→ INSTRUCTIONS FOR THE TASK:
Starting with the first line of the data that follows, transcribe every line verbatim until the line containing "(forall r, 1 <= r <= 2 ->" has been transcribed.

→ RECORDS PROVIDED:
▬▬▬▬▬▬▬▬▬▬

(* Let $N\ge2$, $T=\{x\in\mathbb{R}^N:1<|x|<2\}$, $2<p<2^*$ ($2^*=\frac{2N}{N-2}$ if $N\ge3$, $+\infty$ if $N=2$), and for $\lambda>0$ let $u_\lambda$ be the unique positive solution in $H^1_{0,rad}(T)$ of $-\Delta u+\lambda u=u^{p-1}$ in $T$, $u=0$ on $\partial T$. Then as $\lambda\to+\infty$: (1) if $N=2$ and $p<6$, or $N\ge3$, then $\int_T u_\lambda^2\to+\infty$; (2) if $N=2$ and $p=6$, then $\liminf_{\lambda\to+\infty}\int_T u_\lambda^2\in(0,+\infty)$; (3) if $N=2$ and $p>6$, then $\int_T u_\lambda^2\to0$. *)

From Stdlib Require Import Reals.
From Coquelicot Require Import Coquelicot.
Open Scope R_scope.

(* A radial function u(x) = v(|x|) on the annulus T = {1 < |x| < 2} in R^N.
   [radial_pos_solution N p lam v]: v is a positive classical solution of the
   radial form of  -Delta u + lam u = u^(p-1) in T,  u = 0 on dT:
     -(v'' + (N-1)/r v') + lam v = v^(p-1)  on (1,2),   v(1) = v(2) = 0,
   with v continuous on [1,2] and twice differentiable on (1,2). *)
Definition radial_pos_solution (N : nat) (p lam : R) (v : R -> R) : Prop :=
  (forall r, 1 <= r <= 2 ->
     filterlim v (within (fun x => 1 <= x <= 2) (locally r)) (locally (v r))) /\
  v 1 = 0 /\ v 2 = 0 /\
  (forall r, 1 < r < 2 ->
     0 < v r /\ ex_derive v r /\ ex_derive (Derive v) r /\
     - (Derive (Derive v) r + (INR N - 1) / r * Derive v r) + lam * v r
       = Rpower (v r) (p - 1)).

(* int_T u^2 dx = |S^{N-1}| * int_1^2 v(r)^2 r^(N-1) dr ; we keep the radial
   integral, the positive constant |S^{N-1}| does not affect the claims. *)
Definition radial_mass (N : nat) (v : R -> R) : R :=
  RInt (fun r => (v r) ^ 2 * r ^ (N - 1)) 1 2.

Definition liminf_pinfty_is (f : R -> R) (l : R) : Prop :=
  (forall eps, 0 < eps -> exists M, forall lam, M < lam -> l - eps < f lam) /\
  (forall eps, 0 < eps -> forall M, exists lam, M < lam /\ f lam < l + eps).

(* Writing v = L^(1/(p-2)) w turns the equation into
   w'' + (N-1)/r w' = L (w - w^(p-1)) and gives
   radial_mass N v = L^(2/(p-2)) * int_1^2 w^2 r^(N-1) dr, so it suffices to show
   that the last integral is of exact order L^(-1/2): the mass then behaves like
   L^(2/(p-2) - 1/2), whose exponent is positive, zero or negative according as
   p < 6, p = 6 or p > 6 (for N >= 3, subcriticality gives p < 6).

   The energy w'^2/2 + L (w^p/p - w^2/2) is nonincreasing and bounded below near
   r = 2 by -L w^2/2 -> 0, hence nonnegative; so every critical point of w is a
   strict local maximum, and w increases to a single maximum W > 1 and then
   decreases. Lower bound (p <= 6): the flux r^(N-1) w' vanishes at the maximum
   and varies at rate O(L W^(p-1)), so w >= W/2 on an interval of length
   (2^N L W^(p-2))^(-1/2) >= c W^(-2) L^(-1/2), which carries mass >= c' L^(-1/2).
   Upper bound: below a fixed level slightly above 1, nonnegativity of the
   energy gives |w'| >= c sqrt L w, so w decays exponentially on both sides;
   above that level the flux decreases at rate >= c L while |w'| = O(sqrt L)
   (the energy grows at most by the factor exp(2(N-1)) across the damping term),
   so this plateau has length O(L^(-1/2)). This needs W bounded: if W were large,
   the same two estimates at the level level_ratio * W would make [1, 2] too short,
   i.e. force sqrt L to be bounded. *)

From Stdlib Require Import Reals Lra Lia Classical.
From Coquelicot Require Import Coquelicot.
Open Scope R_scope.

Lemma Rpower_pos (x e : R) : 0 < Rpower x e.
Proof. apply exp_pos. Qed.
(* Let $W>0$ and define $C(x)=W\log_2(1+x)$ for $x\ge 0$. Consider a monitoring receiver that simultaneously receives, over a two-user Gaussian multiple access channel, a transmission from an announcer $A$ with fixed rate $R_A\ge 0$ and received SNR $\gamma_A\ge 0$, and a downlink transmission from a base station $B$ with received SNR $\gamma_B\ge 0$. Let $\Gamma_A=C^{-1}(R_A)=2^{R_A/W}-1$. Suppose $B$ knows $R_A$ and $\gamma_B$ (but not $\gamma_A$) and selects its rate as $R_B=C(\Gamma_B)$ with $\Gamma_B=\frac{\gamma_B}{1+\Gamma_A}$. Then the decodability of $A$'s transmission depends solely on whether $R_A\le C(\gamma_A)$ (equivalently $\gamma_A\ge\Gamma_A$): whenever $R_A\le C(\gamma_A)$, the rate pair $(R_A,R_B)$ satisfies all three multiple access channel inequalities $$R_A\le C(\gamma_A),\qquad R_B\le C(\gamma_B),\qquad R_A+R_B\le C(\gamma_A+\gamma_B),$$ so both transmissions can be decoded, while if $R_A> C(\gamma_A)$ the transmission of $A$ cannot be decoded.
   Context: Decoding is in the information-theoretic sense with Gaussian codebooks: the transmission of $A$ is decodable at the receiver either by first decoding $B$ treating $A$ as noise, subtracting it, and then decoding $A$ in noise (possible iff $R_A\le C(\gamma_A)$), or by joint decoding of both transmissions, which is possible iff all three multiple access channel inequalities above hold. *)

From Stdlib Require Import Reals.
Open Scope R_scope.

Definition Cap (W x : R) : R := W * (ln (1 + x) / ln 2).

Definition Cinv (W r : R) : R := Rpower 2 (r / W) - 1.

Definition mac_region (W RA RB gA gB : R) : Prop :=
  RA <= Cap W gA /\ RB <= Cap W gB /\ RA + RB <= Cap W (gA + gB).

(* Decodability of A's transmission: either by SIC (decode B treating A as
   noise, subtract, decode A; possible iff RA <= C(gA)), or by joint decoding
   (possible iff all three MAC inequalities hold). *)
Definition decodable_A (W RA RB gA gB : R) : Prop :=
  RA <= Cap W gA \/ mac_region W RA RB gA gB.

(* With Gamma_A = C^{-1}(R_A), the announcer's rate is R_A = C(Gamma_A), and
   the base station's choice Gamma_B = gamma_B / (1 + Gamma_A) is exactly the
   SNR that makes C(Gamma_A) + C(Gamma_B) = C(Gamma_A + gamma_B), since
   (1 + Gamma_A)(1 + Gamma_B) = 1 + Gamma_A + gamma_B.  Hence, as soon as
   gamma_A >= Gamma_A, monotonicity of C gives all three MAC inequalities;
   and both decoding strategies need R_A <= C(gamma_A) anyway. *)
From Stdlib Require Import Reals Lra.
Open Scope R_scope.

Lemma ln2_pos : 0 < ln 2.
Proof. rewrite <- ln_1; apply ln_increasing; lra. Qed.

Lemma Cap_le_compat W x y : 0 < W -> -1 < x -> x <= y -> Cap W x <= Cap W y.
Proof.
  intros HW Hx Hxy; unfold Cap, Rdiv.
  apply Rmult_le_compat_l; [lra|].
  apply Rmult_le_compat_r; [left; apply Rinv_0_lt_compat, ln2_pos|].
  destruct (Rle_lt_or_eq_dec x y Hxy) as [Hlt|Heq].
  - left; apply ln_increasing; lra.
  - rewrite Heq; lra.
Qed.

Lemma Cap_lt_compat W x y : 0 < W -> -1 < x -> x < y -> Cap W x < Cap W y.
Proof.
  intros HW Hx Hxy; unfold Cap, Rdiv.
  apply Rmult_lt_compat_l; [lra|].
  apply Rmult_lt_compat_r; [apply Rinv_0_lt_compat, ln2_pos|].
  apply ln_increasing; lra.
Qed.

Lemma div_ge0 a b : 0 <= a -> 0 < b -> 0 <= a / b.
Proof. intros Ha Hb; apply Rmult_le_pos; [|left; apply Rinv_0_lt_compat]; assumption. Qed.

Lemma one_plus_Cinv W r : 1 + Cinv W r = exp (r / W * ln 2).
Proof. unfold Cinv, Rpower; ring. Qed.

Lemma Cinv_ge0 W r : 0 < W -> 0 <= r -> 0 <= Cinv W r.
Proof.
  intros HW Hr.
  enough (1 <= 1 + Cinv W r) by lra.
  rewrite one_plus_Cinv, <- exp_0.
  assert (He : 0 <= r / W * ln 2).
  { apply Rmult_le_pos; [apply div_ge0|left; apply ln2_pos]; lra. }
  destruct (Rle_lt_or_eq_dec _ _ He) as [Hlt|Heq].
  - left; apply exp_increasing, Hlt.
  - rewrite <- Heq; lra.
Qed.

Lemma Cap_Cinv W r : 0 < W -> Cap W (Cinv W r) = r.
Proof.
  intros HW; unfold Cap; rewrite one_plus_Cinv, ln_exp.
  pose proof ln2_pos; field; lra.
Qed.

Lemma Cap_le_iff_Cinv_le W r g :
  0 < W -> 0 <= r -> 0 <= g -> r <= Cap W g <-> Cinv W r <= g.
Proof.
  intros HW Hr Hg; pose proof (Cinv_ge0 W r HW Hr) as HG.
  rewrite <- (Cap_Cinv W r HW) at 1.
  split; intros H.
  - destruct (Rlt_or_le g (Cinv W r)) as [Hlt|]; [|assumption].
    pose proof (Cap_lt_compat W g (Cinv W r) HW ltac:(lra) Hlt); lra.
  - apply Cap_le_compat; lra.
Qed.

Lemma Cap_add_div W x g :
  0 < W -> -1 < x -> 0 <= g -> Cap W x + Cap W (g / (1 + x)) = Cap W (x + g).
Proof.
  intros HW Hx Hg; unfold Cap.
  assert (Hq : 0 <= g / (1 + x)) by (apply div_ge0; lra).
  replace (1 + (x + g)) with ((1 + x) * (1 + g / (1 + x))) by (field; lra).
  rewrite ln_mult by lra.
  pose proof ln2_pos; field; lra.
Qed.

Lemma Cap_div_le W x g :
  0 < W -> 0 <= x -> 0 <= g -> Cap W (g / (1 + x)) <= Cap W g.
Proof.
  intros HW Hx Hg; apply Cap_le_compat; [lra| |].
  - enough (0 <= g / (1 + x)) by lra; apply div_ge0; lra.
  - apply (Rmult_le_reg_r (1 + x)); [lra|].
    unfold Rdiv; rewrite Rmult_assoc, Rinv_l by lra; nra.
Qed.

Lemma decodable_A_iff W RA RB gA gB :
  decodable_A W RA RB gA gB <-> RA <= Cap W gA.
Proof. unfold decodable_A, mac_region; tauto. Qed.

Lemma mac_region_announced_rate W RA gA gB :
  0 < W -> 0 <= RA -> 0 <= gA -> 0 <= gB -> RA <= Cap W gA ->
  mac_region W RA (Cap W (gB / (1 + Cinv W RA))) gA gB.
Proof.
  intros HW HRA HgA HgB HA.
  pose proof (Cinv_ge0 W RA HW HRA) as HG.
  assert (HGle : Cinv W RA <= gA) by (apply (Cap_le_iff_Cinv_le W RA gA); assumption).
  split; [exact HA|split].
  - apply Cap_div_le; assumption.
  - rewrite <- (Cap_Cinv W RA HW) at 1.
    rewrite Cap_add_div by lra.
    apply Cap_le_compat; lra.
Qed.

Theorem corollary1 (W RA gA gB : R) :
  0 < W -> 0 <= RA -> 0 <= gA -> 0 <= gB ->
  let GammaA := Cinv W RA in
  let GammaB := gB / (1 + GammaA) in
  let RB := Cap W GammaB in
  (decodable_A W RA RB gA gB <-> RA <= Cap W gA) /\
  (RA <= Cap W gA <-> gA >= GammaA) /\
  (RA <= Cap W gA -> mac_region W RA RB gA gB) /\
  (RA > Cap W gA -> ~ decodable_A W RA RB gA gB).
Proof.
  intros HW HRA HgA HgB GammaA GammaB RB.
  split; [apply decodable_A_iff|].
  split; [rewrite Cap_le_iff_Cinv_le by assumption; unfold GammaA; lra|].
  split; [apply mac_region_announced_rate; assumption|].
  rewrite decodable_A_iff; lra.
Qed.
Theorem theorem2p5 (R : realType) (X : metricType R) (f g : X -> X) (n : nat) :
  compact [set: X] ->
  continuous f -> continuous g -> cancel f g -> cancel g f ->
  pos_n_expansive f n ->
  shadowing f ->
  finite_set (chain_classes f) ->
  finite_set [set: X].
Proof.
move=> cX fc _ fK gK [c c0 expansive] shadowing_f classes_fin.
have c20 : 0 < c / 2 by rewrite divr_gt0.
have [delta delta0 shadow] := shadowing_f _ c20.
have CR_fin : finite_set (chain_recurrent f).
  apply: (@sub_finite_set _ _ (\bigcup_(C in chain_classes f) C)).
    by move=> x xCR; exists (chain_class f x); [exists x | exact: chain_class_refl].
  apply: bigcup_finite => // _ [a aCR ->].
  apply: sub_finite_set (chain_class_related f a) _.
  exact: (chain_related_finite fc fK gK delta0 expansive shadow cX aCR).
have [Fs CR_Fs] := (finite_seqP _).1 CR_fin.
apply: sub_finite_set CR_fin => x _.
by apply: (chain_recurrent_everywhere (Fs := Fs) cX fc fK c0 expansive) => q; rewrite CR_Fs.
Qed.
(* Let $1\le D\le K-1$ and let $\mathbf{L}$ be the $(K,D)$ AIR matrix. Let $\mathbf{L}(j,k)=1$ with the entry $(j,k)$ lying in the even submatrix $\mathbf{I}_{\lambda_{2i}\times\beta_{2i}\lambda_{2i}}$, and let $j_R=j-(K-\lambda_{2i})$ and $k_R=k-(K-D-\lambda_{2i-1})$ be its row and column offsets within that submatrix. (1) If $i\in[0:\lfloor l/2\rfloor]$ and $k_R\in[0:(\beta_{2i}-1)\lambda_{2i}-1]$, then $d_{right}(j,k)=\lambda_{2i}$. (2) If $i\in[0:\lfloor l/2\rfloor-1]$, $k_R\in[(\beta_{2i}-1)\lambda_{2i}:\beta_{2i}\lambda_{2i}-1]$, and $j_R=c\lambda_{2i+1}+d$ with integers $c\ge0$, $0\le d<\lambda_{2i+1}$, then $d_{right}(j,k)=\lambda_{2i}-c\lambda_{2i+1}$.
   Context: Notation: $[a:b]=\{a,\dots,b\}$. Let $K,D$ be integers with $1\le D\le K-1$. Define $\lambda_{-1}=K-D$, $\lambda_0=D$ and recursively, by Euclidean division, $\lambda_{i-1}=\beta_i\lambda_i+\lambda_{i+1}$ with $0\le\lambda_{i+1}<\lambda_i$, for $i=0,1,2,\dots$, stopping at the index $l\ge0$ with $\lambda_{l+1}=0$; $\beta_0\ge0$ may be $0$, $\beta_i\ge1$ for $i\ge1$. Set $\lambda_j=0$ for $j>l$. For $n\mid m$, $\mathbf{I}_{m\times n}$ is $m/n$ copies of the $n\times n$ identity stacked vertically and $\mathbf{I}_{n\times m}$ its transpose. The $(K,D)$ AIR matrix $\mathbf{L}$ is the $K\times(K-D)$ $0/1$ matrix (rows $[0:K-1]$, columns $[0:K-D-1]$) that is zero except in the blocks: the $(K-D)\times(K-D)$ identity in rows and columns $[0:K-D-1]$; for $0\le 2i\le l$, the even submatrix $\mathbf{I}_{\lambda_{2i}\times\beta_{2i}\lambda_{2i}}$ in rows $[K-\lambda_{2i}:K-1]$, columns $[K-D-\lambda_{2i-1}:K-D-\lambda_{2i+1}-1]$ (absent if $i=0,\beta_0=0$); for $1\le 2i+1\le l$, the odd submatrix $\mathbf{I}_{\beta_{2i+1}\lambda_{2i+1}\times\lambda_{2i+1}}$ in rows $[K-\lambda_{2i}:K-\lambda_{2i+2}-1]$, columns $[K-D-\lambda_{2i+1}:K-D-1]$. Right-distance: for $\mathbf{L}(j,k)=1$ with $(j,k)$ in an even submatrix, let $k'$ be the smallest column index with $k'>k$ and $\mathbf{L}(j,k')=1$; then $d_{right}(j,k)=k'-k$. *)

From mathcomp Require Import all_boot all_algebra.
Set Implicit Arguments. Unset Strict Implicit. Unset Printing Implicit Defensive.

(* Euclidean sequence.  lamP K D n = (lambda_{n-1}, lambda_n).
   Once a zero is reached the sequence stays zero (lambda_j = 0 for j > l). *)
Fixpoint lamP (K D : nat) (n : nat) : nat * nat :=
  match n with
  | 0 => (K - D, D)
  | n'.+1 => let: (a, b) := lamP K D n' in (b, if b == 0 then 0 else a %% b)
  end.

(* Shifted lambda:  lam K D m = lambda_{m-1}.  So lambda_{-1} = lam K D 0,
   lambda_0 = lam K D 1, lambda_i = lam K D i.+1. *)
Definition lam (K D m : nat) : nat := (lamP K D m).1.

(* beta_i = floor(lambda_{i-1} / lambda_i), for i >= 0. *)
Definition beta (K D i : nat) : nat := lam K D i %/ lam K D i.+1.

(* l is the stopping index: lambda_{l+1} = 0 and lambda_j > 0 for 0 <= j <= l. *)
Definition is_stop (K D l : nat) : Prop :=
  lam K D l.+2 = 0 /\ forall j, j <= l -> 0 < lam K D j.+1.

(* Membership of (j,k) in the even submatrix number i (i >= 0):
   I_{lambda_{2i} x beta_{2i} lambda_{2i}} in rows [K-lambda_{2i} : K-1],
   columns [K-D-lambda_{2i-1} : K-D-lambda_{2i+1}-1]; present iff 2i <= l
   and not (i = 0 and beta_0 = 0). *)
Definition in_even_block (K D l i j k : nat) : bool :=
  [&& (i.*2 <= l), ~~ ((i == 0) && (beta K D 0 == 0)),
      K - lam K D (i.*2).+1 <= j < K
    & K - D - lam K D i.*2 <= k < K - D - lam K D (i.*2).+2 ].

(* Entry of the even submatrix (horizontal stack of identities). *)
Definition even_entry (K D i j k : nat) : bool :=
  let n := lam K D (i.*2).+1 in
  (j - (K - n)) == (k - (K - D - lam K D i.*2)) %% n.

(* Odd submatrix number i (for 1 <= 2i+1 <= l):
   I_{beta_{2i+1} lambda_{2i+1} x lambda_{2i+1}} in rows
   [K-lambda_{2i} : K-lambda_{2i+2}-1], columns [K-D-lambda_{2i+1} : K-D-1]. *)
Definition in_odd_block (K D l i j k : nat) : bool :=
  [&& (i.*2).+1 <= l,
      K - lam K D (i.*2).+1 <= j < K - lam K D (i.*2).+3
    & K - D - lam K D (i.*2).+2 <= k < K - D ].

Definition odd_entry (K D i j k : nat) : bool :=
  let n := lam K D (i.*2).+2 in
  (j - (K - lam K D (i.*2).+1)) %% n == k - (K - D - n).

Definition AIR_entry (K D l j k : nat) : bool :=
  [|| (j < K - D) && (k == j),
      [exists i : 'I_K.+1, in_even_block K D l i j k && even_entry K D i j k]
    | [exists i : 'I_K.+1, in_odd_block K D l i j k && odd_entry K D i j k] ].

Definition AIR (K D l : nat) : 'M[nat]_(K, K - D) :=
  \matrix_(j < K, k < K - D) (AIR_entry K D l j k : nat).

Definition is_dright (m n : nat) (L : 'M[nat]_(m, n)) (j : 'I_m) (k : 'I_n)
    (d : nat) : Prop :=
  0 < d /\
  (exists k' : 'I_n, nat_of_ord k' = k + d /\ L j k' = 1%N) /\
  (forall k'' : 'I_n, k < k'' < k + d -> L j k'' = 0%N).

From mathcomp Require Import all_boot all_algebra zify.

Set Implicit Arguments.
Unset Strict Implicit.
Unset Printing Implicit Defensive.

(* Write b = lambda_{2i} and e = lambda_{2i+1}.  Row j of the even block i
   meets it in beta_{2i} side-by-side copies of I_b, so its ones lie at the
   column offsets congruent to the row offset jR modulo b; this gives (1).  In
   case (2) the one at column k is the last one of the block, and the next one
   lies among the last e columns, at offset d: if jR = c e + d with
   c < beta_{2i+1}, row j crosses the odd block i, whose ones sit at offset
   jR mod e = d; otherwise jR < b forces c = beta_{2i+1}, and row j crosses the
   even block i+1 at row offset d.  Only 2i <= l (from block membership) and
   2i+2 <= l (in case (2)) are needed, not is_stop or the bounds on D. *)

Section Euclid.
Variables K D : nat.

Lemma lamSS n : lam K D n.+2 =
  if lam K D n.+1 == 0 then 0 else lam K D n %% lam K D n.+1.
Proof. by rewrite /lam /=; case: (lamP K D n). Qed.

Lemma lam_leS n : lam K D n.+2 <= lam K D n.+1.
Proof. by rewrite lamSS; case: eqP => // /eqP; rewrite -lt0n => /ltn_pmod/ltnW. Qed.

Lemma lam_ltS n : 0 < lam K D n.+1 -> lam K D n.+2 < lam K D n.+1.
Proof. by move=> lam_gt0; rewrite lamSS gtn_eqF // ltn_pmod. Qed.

▬▬▬▬▬▬▬▬▬▬

→ TASK RESPONSE:
(* Let $N\ge2$, $T=\{x\in\mathbb{R}^N:1<|x|<2\}$, $2<p<2^*$ ($2^*=\frac{2N}{N-2}$ if $N\ge3$, $+\infty$ if $N=2$), and for $\lambda>0$ let $u_\lambda$ be the unique positive solution in $H^1_{0,rad}(T)$ of $-\Delta u+\lambda u=u^{p-1}$ in $T$, $u=0$ on $\partial T$. Then as $\lambda\to+\infty$: (1) if $N=2$ and $p<6$, or $N\ge3$, then $\int_T u_\lambda^2\to+\infty$; (2) if $N=2$ and $p=6$, then $\liminf_{\lambda\to+\infty}\int_T u_\lambda^2\in(0,+\infty)$; (3) if $N=2$ and $p>6$, then $\int_T u_\lambda^2\to0$. *)

From Stdlib Require Import Reals.
From Coquelicot Require Import Coquelicot.
Open Scope R_scope.

(* A radial function u(x) = v(|x|) on the annulus T = {1 < |x| < 2} in R^N.
   [radial_pos_solution N p lam v]: v is a positive classical solution of the
   radial form of  -Delta u + lam u = u^(p-1) in T,  u = 0 on dT:
     -(v'' + (N-1)/r v') + lam v = v^(p-1)  on (1,2),   v(1) = v(2) = 0,
   with v continuous on [1,2] and twice differentiable on (1,2). *)
Definition radial_pos_solution (N : nat) (p lam : R) (v : R -> R) : Prop :=
  (forall r, 1 <= r <= 2 ->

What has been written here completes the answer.